*** Opening of Records shown ***

(* Consider a random family with random number of children $N\ge 1$ and sexes $S_1,S_2,\dots\in\{\mathrm{M},\mathrm{F}\}$ of its children in birth order ($S_k$ defined on the event $N\ge k$). Assume: (i) (random coin toss) there is $p_M\in(0,1)$ such that $P(S_1=\mathrm{M})=p_M$ and, for every $k\ge 2$, $P(S_k=\mathrm{M}\mid N\ge k, S_1,\dots,S_{k-1})=p_M$; write $p_F=1-p_M$; (ii) the sex of the first child does not predict whether the family has a second child: $P(N\ge 2\mid S_1=\mathrm{M})=P(N\ge2\mid S_1=\mathrm{F})$; (iii) there are numbers $p_S>0$ and $p_D$ with $P(N\ge 3\mid N\ge 2, S_1=S_2=\mathrm{M})=P(N\ge 3\mid N\ge 2, S_1=S_2=\mathrm{F})=p_S$ and $P(N\ge 3\mid N\ge 2, S_1=\mathrm{M},S_2=\mathrm{F})=P(N\ge 3\mid N\ge 2, S_1=\mathrm{F},S_2=\mathrm{M})=p_D$. Then \[ P\left(\text{MMM or FFF}\mid N\geq 3\right)=\left(p_M^3+p_F^3\right)\frac{1}{2 p_Fp_M p_D/p_S +p_F^2+p_M^2}. \] If additionally $p_S>p_D$, then the inflation factor satisfies \[ \frac{1}{2 p_Fp_M p_D/p_S +p_F^2+p_M^2}>1. \]
   Context: All births are singletons. ''MMM'' denotes the event $N\ge 3$ and $S_1=S_2=S_3=\mathrm{M}$; ''FFF'' denotes $N\ge3$ and $S_1=S_2=S_3=\mathrm{F}$. All conditioning events appearing are assumed to have positive probability. *)

From HB Require Import structures.
From mathcomp Require Import all_boot all_order all_algebra.
From mathcomp Require Import all_classical all_reals all_analysis.
Set Implicit Arguments. Unset Strict Implicit. Unset Printing Implicit Defensive.
Import Order.TTheory GRing.Theory Num.Theory.
Local Open Scope classical_set_scope.
Local Open Scope ring_scope.

Definition Pr (d : measure_display) (T : measurableType d) (R : realType)
  (P : probability T R) (A : set T) : R := fine (P A).

Definition condP (d : measure_display) (T : measurableType d) (R : realType)
  (P : probability T R) (A B : set T) : R := Pr P (A `&` B) / Pr P B.

(* Sexes encoded as booleans: true = M, false = F. Children are indexed from 1.
   sex_prefix S s = event that S_1,...,S_(size s) equal the entries of s. *)
Definition sex_prefix (T : Type) (S : nat -> T -> bool) (s : seq bool) : set T :=
  [set w | forall i, (i < size s)%N -> S i.+1 w = nth false s i].

From HB Require Import structures.
From mathcomp Require Import all_boot all_order all_algebra.
From mathcomp Require Import all_classical all_reals all_analysis.
From mathcomp Require Import lra ring.
Import Order.TTheory GRing.Theory Num.Theory.
Local Open Scope classical_set_scope.
Local Open Scope ring_scope.

(* Write m(n, s) for P(N >= n, (S_1, ..., S_|s|) = s).  Appending the sex of child n >= 2
   multiplies m(n, s) by p_M or p_F (coin toss), assumption (ii) gives m(2, [b]) = q p_b for
   one constant q, and (iii) turns m(2, s) into m(3, s) = p_S m(2, s) or p_D m(2, s).  Hence
   P(N >= 3) = q (p_S p_M^2 + 2 p_D p_M p_F + p_S p_F^2) and P(MMM or FFF) = q p_S (p_M^3 + p_F^3),
   whose ratio is the stated one.  As p_F^2 + p_M^2 = 1 - 2 p_F p_M, the inverse of the
   inflation factor is 1 - 2 p_F p_M (1 - p_D / p_S), which lies in (0, 1) when p_D < p_S. *)

Section ElementaryProbability.
Context {d : measure_display} {T : measurableType d} {R : realType}.
Variable P : probability T R.

Lemma Pr_ge0 A : 0 <= Pr P A.
Proof. by rewrite /Pr fine_ge0. Qed.

Lemma Pr_setT : Pr P setT = 1.
Proof. by rewrite /Pr probability_setT. Qed.

Lemma PrU A B : measurable A -> measurable B -> A `&` B = set0 ->
  Pr P (A `|` B) = Pr P A + Pr P B.
Proof. by move=> mA mB AB0; rewrite /Pr measureU // fineD // fin_num_measure. Qed.

Lemma Pr_setID A B : measurable A -> measurable B ->
  Pr P A = Pr P (A `&` B) + Pr P (A `&` ~` B).
Proof.
move=> mA mB; rewrite -PrU -?setIUr ?setUCr ?setIT //.
- exact: measurableI.
- by apply: measurableI => //; apply: measurableC.
- by rewrite setIACA setICr setI0.
Qed.

Lemma condP_ge0 A B : 0 <= condP P A B.
Proof. by rewrite divr_ge0 // Pr_ge0. Qed.

Lemma PrI_condP A B : 0 < Pr P B -> Pr P (A `&` B) = condP P A B * Pr P B.
Proof. by move=> B_gt0; rewrite divfK // gt_eqF. Qed.

End ElementaryProbability.

Section SexPrefix.
Context {T : Type} (S : nat -> T -> bool).

Lemma sex_prefix_nil : sex_prefix S [::] = setT.
Proof. by apply/seteqP; split=> w // _ []. Qed.

Lemma sex_prefix_cons b s :
  sex_prefix S (b :: s) = [set w | S 1 w = b] `&` sex_prefix (fun k => S k.+1) s.
Proof.
apply/seteqP; split=> w /=.
- by move=> Sw; split=> [|i lt_is]; [exact: (Sw 0%N) | exact: (Sw i.+1)].
- by move=> [S1w Sw] [|i] //= lt_is; exact: Sw.
Qed.

Lemma sex_prefix_rcons s b :
  sex_prefix S (rcons s b) = sex_prefix S s `&` [set w | S (size s).+1 w = b].
Proof.
apply/seteqP; split=> w /=.
- move=> Sw; split=> [i lt_is|].
    by have := Sw i; rewrite size_rcons nth_rcons lt_is; apply; exact: ltnW.
  by have := Sw (size s); rewrite size_rcons nth_rcons ltnn eqxx; apply.
- move=> [Sw Sbw] i; rewrite size_rcons ltnS nth_rcons leq_eqVlt.
  by case/orP=> [/eqP ->|lt_is]; [rewrite ltnn eqxx | rewrite lt_is; exact: Sw].
Qed.

End SexPrefix.

Lemma measurable_sex_prefix {d} {T : measurableType d} (S : nat -> T -> bool) s :
  (forall k, measurable [set w | S k w]) -> measurable (sex_prefix S s).
Proof.
move=> mS; elim/last_ind: s => [|s b IHs]; first by rewrite sex_prefix_nil.
rewrite sex_prefix_rcons; apply: measurableI => //.
case: b; first exact: mS.
rewrite (_ : [set w | _ = false] = ~` [set w | S (size s).+1 w]); first exact: measurableC.
by apply/seteqP; split=> w /=; case: (S _ w).
Qed.

Section Family.
Context {d : measure_display} {T : measurableType d} {R : realType}.
Context {P : probability T R} {N : T -> nat} {S : nat -> T -> bool}.
Hypothesis N_ge1 : forall w, (1 <= N w)%N.
Hypothesis mN : forall k, measurable [set w | (k <= N w)%N].
Hypothesis mS : forall k, measurable [set w | S k w].

Definition prefix_mass n s := Pr P ([set w | (n <= N w)%N] `&` sex_prefix S s).

Lemma prefix_mass_ge0 n s : 0 <= prefix_mass n s.
Proof. exact: Pr_ge0. Qed.

Lemma measurable_prefix_event n s :
  measurable ([set w | (n <= N w)%N] `&` sex_prefix S s).
Proof. by apply: measurableI => //; exact: measurable_sex_prefix. Qed.

Lemma prefix_mass_nil n : prefix_mass n [::] = Pr P [set w | (n <= N w)%N].
Proof. by rewrite /prefix_mass sex_prefix_nil setIT. Qed.

Lemma prefix_mass1_nil : prefix_mass 1 [::] = 1.
Proof.
rewrite prefix_mass_nil -(Pr_setT P); congr Pr.
by apply/seteqP; split=> w // _; exact: N_ge1.
Qed.

Lemma prefix_mass_rcons n s :
  prefix_mass n s = prefix_mass n (rcons s true) + prefix_mass n (rcons s false).
Proof.
rewrite /prefix_mass !sex_prefix_rcons !setIA (Pr_setID P _ _ _ (mS (size s).+1)).
  congr (Pr P _ + Pr P _); apply/seteqP; split=> w /=.
  - by case=> ? /negP/negbTE.
  - by case=> ? ->.
exact: measurable_prefix_event.
Qed.

Lemma condP_prefix n s :
  condP P [set w | (n.+1 <= N w)%N] ([set w | (n <= N w)%N] `&` sex_prefix S s)
  = prefix_mass n.+1 s / prefix_mass n s.
Proof.
rewrite /condP setIA; congr (Pr P (_ `&` _) / _).
by apply/seteqP; split=> w /= => [[]|?] //; split=> //; exact: ltnW.
Qed.

(* [if b then S k w else ~~ S k w] encodes S_k = b so that, for a concrete b, it is
   convertible to the literal events [S k w] and [~~ S k w] of the hypotheses. *)
Lemma first_sex_event b :
  [set w | if b then S 1 w else ~~ S 1 w] = [set w | (1 <= N w)%N] `&` sex_prefix S [:: b].
Proof.
rewrite sex_prefix_cons sex_prefix_nil setIT; apply/seteqP; split=> w /=.
  by move=> Sw; split; [exact: N_ge1 | case: b (S 1 w) Sw => [] []].
by case=> _; case: b (S 1 w) => [] [].
Qed.

Lemma sexes2_event n b1 b2 :
  [set w | (n <= N w)%N /\ (if b1 then S 1 w else ~~ S 1 w)
                        /\ (if b2 then S 2 w else ~~ S 2 w)]
  = [set w | (n <= N w)%N] `&` sex_prefix S [:: b1; b2].
Proof.
rewrite !sex_prefix_cons sex_prefix_nil setIT; apply/seteqP; split=> w /=;
  by case=> ->; case: b1 b2 (S 1 w) (S 2 w) => [] [] [] [] [].
Qed.

Lemma same_sex_triples_event :
  ([set w | (3 <= N w)%N /\ S 1 w /\ S 2 w /\ S 3 w] `|`
   [set w | (3 <= N w)%N /\ ~~ S 1 w /\ ~~ S 2 w /\ ~~ S 3 w]) `&` [set w | (3 <= N w)%N]
  = ([set w | (3 <= N w)%N] `&` sex_prefix S [:: true; true; true]) `|`
    ([set w | (3 <= N w)%N] `&` sex_prefix S [:: false; false; false]).
Proof.
rewrite !sex_prefix_cons sex_prefix_nil !setIT; apply/seteqP; split=> w /=;
  by case: (S 1 w) (S 2 w) (S 3 w) => [] [] [] /=; intuition.
Qed.

Lemma Pr_same_sex_triples :
  Pr P (([set w | (3 <= N w)%N /\ S 1 w /\ S 2 w /\ S 3 w] `|`
         [set w | (3 <= N w)%N /\ ~~ S 1 w /\ ~~ S 2 w /\ ~~ S 3 w]) `&` [set w | (3 <= N w)%N])
  = prefix_mass 3 [:: true; true; true] + prefix_mass 3 [:: false; false; false].
Proof.
rewrite same_sex_triples_event PrU //; [exact: measurable_prefix_event.. |].
rewrite !sex_prefix_cons; apply/seteqP; split=> w //=.
by case=> -[_ [S1w _]] [_ [S1w' _]]; rewrite S1w in S1w'.
Qed.

Lemma prefix_mass2_succ n b1 b2 c :
  0 < Pr P [set w | (n <= N w)%N /\ (if b1 then S 1 w else ~~ S 1 w)
                                 /\ (if b2 then S 2 w else ~~ S 2 w)] ->
  condP P [set w | (n.+1 <= N w)%N]
          [set w | (n <= N w)%N /\ (if b1 then S 1 w else ~~ S 1 w)
                                /\ (if b2 then S 2 w else ~~ S 2 w)] = c ->
  prefix_mass n.+1 [:: b1; b2] = c * prefix_mass n [:: b1; b2].
Proof. by rewrite sexes2_event condP_prefix => m_gt0 <-; rewrite divfK ?gt_eqF. Qed.

Context {pM : R}.
Hypothesis coin_toss : forall (k : nat) (s : seq bool), (2 <= k)%N -> size s = k.-1 ->
  0 < Pr P ([set w | (k <= N w)%N] `&` sex_prefix S s) ->
  condP P [set w | S k w] ([set w | (k <= N w)%N] `&` sex_prefix S s) = pM.

Lemma prefix_mass_male n s : (2 <= n)%N -> size s = n.-1 ->
  prefix_mass n (rcons s true) = pM * prefix_mass n s.
Proof.
move=> n_ge2 size_s; have [m_gt0|m_le0] := ltrP 0 (prefix_mass n s).
  rewrite -(coin_toss _ _ n_ge2 size_s m_gt0) -PrI_condP // /prefix_mass.
  by rewrite sex_prefix_rcons size_s (prednK (ltnW n_ge2)) setIA setIC.
have m_eq0 : prefix_mass n s = 0 by apply/eqP; rewrite eq_le m_le0 prefix_mass_ge0.
have := prefix_mass_rcons n s; rewrite m_eq0 mulr0.
have := prefix_mass_ge0 n (rcons s true); have := prefix_mass_ge0 n (rcons s false); lra.
Qed.

Lemma prefix_mass_female n s : (2 <= n)%N -> size s = n.-1 ->
  prefix_mass n (rcons s false) = (1 - pM) * prefix_mass n s.
Proof.
move=> n_ge2 size_s; have := prefix_mass_rcons n s.
rewrite prefix_mass_male // => ?; lra.
Qed.

Lemma second_child_masses :
  Pr P [set w | S 1 w] = pM -> 0 < Pr P [set w | S 1 w] -> 0 < Pr P [set w | ~~ S 1 w] ->
  condP P [set w | (2 <= N w)%N] [set w | S 1 w] =
  condP P [set w | (2 <= N w)%N] [set w | ~~ S 1 w] ->
  exists q, prefix_mass 2 [:: true] = q * pM /\ prefix_mass 2 [:: false] = q * (1 - pM).
Proof.
rewrite (first_sex_event true) (first_sex_event false) !condP_prefix.
rewrite -[Pr P _]/(prefix_mass 1 [:: true]) -[Pr P (_ `&` _)]/(prefix_mass 1 [:: false]).
move=> m1M m1M_gt0 m1F_gt0 m2_eq; have m1F : prefix_mass 1 [:: false] = 1 - pM.
  by have := prefix_mass_rcons 1 [::]; rewrite prefix_mass1_nil m1M /= => ?; lra.
rewrite m1M in m1M_gt0 m2_eq; rewrite m1F in m1F_gt0 m2_eq.
exists (prefix_mass 2 [:: true] / pM).
by rewrite divfK ?gt_eqF // m2_eq divfK ?gt_eqF.
Qed.

Section ThirdChild.
Context {q pS pD : R}.
Hypothesis m2M : prefix_mass 2 [:: true] = q * pM.
Hypothesis m2F : prefix_mass 2 [:: false] = q * (1 - pM).
Hypothesis m3MM : prefix_mass 3 [:: true; true] = pS * prefix_mass 2 [:: true; true].
Hypothesis m3FF : prefix_mass 3 [:: false; false] = pS * prefix_mass 2 [:: false; false].
Hypothesis m3MF : prefix_mass 3 [:: true; false] = pD * prefix_mass 2 [:: true; false].
Hypothesis m3FM : prefix_mass 3 [:: false; true] = pD * prefix_mass 2 [:: false; true].

Lemma prefix_mass3_nil : prefix_mass 3 [::] =
  q * (pS * pM ^+ 2 + 2 * pD * pM * (1 - pM) + pS * (1 - pM) ^+ 2).
Proof.
rewrite (prefix_mass_rcons 3 [::]) (prefix_mass_rcons 3 [:: true]).
rewrite (prefix_mass_rcons 3 [:: false]) /= m3MM m3MF m3FM m3FF.
rewrite (prefix_mass_male 2 [:: true]) // (prefix_mass_female 2 [:: true]) //.
rewrite (prefix_mass_male 2 [:: false]) // (prefix_mass_female 2 [:: false]) //.
by rewrite m2M m2F; ring.
Qed.

Lemma prefix_mass3_same_sex :
  prefix_mass 3 [:: true; true; true] + prefix_mass 3 [:: false; false; false]
  = q * pS * (pM ^+ 3 + (1 - pM) ^+ 3).
Proof.
rewrite (prefix_mass_male 3 [:: true; true]) // (prefix_mass_female 3 [:: false; false]) //.
rewrite m3MM m3FF (prefix_mass_male 2 [:: true]) // (prefix_mass_female 2 [:: false]) //.
by rewrite m2M m2F; ring.
Qed.

End ThirdChild.
End Family.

*** Close of Records shown ***

**Work task:**
Taking the records above, retype every line from the one with "Lemma prefix_mass2_succ n" down to the one with "rewrite (first_sex_event true)", exactly and with nothing else.

**Solution:**
Lemma prefix_mass2_succ n b1 b2 c :
  0 < Pr P [set w | (n <= N w)%N /\ (if b1 then S 1 w else ~~ S 1 w)
                                 /\ (if b2 then S 2 w else ~~ S 2 w)] ->
  condP P [set w | (n.+1 <= N w)%N]
          [set w | (n <= N w)%N /\ (if b1 then S 1 w else ~~ S 1 w)
                                /\ (if b2 then S 2 w else ~~ S 2 w)] = c ->
  prefix_mass n.+1 [:: b1; b2] = c * prefix_mass n [:: b1; b2].
Proof. by rewrite sexes2_event condP_prefix => m_gt0 <-; rewrite divfK ?gt_eqF. Qed.

Context {pM : R}.
Hypothesis coin_toss : forall (k : nat) (s : seq bool), (2 <= k)%N -> size s = k.-1 ->
  0 < Pr P ([set w | (k <= N w)%N] `&` sex_prefix S s) ->
  condP P [set w | S k w] ([set w | (k <= N w)%N] `&` sex_prefix S s) = pM.

Lemma prefix_mass_male n s : (2 <= n)%N -> size s = n.-1 ->
  prefix_mass n (rcons s true) = pM * prefix_mass n s.
Proof.
move=> n_ge2 size_s; have [m_gt0|m_le0] := ltrP 0 (prefix_mass n s).
  rewrite -(coin_toss _ _ n_ge2 size_s m_gt0) -PrI_condP // /prefix_mass.
  by rewrite sex_prefix_rcons size_s (prednK (ltnW n_ge2)) setIA setIC.
have m_eq0 : prefix_mass n s = 0 by apply/eqP; rewrite eq_le m_le0 prefix_mass_ge0.
have := prefix_mass_rcons n s; rewrite m_eq0 mulr0.
have := prefix_mass_ge0 n (rcons s true); have := prefix_mass_ge0 n (rcons s false); lra.
Qed.

Lemma prefix_mass_female n s : (2 <= n)%N -> size s = n.-1 ->
  prefix_mass n (rcons s false) = (1 - pM) * prefix_mass n s.
Proof.
move=> n_ge2 size_s; have := prefix_mass_rcons n s.
rewrite prefix_mass_male // => ?; lra.
Qed.

Lemma second_child_masses :
  Pr P [set w | S 1 w] = pM -> 0 < Pr P [set w | S 1 w] -> 0 < Pr P [set w | ~~ S 1 w] ->
  condP P [set w | (2 <= N w)%N] [set w | S 1 w] =
  condP P [set w | (2 <= N w)%N] [set w | ~~ S 1 w] ->
  exists q, prefix_mass 2 [:: true] = q * pM /\ prefix_mass 2 [:: false] = q * (1 - pM).
Proof.
rewrite (first_sex_event true) (first_sex_event false) !condP_prefix.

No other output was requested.